Background: Brain metastasis (BM) is observed in approximately 0.3–3.2% of cases involving metastatic colon cancer and is almost invariably associated with extracranial dissemination. The occurrence of isolated intracranial disease in the absence of systemic metastases is, therefore, exceedingly rare.

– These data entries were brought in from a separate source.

(* On $\mathcal A_{\mathcal G}$ the metrics $\mathrm a_{\mathcal G}$ and $\mathrm d_{\mathcal G}$ induce the same topology.
   Context: $(X,\Sigma,\mu)$ is a separable Lebesgue space with a non-atomic probability measure $\mu$. $\mathcal A$ is the group of invertible measure-preserving transformations of $X$, two transformations being identified if they agree outside a null set. Fix a countable family $\{A_i\}_{i\in\mathbb N}\subset\Sigma$ that generates $\Sigma$ and is dense in $\Sigma$ (for every $A\in\Sigma$ and $\varepsilon>0$ there is $i$ with $\mu(A_i\triangle A)<\varepsilon$). For $T,S\in\mathcal A$ put $\mathrm d(T,S)=\sum_{i}2^{-i}\big(\mu(TA_i\triangle SA_i)+\mu(T^{-1}A_i\triangle S^{-1}A_i)\big)$ and $\mathrm a(T,S)=\sum_{i,j}2^{-(i+j)}|\mu(TA_i\cap A_j)-\mu(SA_i\cap A_j)|$. $\mathcal G$ is a Hausdorff locally compact group with a countable neighborhood base. Fix an at most countable family $\{K_i\}$ of compact subsets of $\mathcal G$ with nonempty interiors whose union contains a set generating $\mathcal G$. An action of $\mathcal G$ is a family $T=\{T^g\}_{g\in\mathcal G}\subset\mathcal A$ with $T^gT^h=T^{gh}$ for all $g,h$ and such that $g\mapsto\mu(T^gA\cap B)$ is continuous for all $A,B\in\Sigma$. $\mathcal A_{\mathcal G}$ is the set of all actions; for $T,S\in\mathcal A_{\mathcal G}$, $\mathrm d_{\mathcal G}(T,S)=\sum_i 2^{-i}\sup_{g\in K_i}\mathrm d(T^g,S^g)$ and $\mathrm a_{\mathcal G}(T,S)=\sum_i 2^{-i}\sup_{g\in K_i}\mathrm a(T^g,S^g)$. *)

From HB Require Import structures.
From mathcomp Require Import all_boot all_order all_algebra.
From mathcomp Require Import all_classical all_reals all_analysis.
Set Implicit Arguments. Unset Strict Implicit. Unset Printing Implicit Defensive.
Import Order.TTheory GRing.Theory Num.Theory.
Import numFieldNormedType.Exports.
Local Open Scope classical_set_scope.
Local Open Scope ring_scope.

Definition symdiff {T : Type} (A B : set T) : set T := (A `\` B) `|` (B `\` A).

Section MeasureSide.
Context {d : measure_display} {X : measurableType d} {R : realType}.

Definition nonatomic (mu : set X -> \bar R) : Prop :=
  forall A : set X, measurable A -> (0 < mu A)%E ->
    exists B : set X, [/\ measurable B, B `<=` A & (0 < mu B < mu A)%E].

(** (X, Sigma, mu) is isomorphic mod 0 to ([0,1], Lebesgue): a measurable
    point map [f] pushing [mu] to Lebesgue measure on [0,1] and inducing
    a bijection of measure algebras (every measurable set is, up to a null
    set, the preimage of a Borel set). *)
Definition lebesgue_space_iso (mu : set X -> \bar R) : Prop :=
  exists f : X -> measurableTypeR R,
    [/\ measurable_fun setT f,
        (forall B : set (measurableTypeR R), measurable B ->
           mu (f @^-1` B) = lebesgue_measure (B `&` `[0%R, 1%R]%classic)) &
        (forall A : set X, measurable A ->
           exists B : set (measurableTypeR R),
             measurable B /\ mu (symdiff A (f @^-1` B)) = 0%E)].

Definition generating_dense_family (mu : set X -> \bar R) (Afam : nat -> set X) : Prop :=
  [/\ (forall i, measurable (Afam i)),
      @measurable d X = <<s range Afam >> &
      (forall (B : set X) (eps : R), measurable B -> 0 < eps ->
         exists i, (mu (symdiff (Afam i) B) < eps%:E)%E)].

(** [T] is (a representative of) an element of the group \mathcal A:
    an invertible bimeasurable measure-preserving transformation of X. *)
Definition is_mpt (mu : set X -> \bar R) (T : X -> X) : Prop :=
  measurable_fun setT T /\
  exists Ti : X -> X,
    [/\ measurable_fun setT Ti, cancel T Ti, cancel Ti T &
        forall A : set X, measurable A -> mu (T @^-1` A) = mu A].

Definition dmet (mu : set X -> \bar R) (Afam : nat -> set X) (T S : X -> X) : \bar R :=
  \sum_(i <oo) (((2%:R : R)^-1 ^+ i.+1)%:E *
     (mu (symdiff (T @` Afam i) (S @` Afam i)) +
      mu (symdiff (T @^-1` Afam i) (S @^-1` Afam i))))%E.

Definition amet (mu : set X -> \bar R) (Afam : nat -> set X) (T S : X -> X) : \bar R :=
  \sum_(i <oo) \sum_(j <oo)
     (((2%:R : R)^-1 ^+ (i.+1 + j.+1))%:E *
      `| mu (T @` Afam i `&` Afam j) - mu (S @` Afam i `&` Afam j) |)%E.

End MeasureSide.

Section GroupSide.
Context {G : topologicalType}.

Definition is_topological_group (mul : G -> G -> G) (inv : G -> G) (one : G) : Prop :=
  [/\ associative mul, left_id one mul, right_id one mul,
      (forall x, mul (inv x) x = one) & (forall x, mul x (inv x) = one)] /\
  (continuous (fun p : G * G => mul p.1 p.2) /\ continuous inv).

Definition is_locally_compact : Prop :=
  forall x : G, exists C : set G, compact C /\ nbhs x C.

Definition countable_nbhs_base : Prop :=
  forall x : G, exists B : nat -> set G,
    (forall n, nbhs x (B n)) /\ (forall U, nbhs x U -> exists n, B n `<=` U).

Definition generated_subgroup (mul : G -> G -> G) (inv : G -> G) (one : G)
    (S : set G) : set G :=
  \bigcap_(H in [set H : set G | [/\ S `<=` H, H one,
        (forall x y, H x -> H y -> H (mul x y)) & (forall x, H x -> H (inv x))]]) H.

(** membership in an at most countable index range {0,...,N-1} (N = Some n)
    or all of nat (N = None) *)
Definition in_range (N : option nat) (i : nat) : bool :=
  if N is Some n then (i < n)%N else true.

Case presentation: We report a 74 year-old female who presented with new-onset focal seizures 18 months after curative surgery for stage IIIC sigmoid adenocarcinoma. The 18Fluorine fluorodeoxyglucose positron emission tomography/computed tomography (18F- FDG PET/CT) scan revealed increased 18F-FDG uptake in an 18x19 mm hyperdense lesion located in the right temporal lobe, accompanied by a substantial edematous region in the surrounding area (SUV max:8.0) but no abnormal 18F-FDG accumulation elsewhere, confirming isolated BM. Brain Magnetic Resonance Imaging (MRI) revealed a 28x30 mm contrast-enhancing lesion in the right temporal lobe with vasogenic edema. The patient underwent gross-total resection followed by adjuvant stereotactic radiosurgery (SRS, 18 Gy single fraction). Histopathology showed metastatic moderately-differentiated colon adenocarcinoma (CK20+, CDX-2+, CK7+, P53+). Post-operative capecitabine plus bevacizumab was given for six cycles. At 12-month follow-up the patient remains disease-free on surveillance MRI and 18F-FDG PET/CT.
Conclusion: This case illustrates the diagnostic value of 18F-FDG PET/CT in excluding extracranial disease and supports an aggressive local-therapy strategy (surgery ± SRS) for solitary colon adenocarcinoma BM, which may confer prolonged survival.
Key words: colon cancer, solitary brain metastasis, 18F-FDG PET/CT.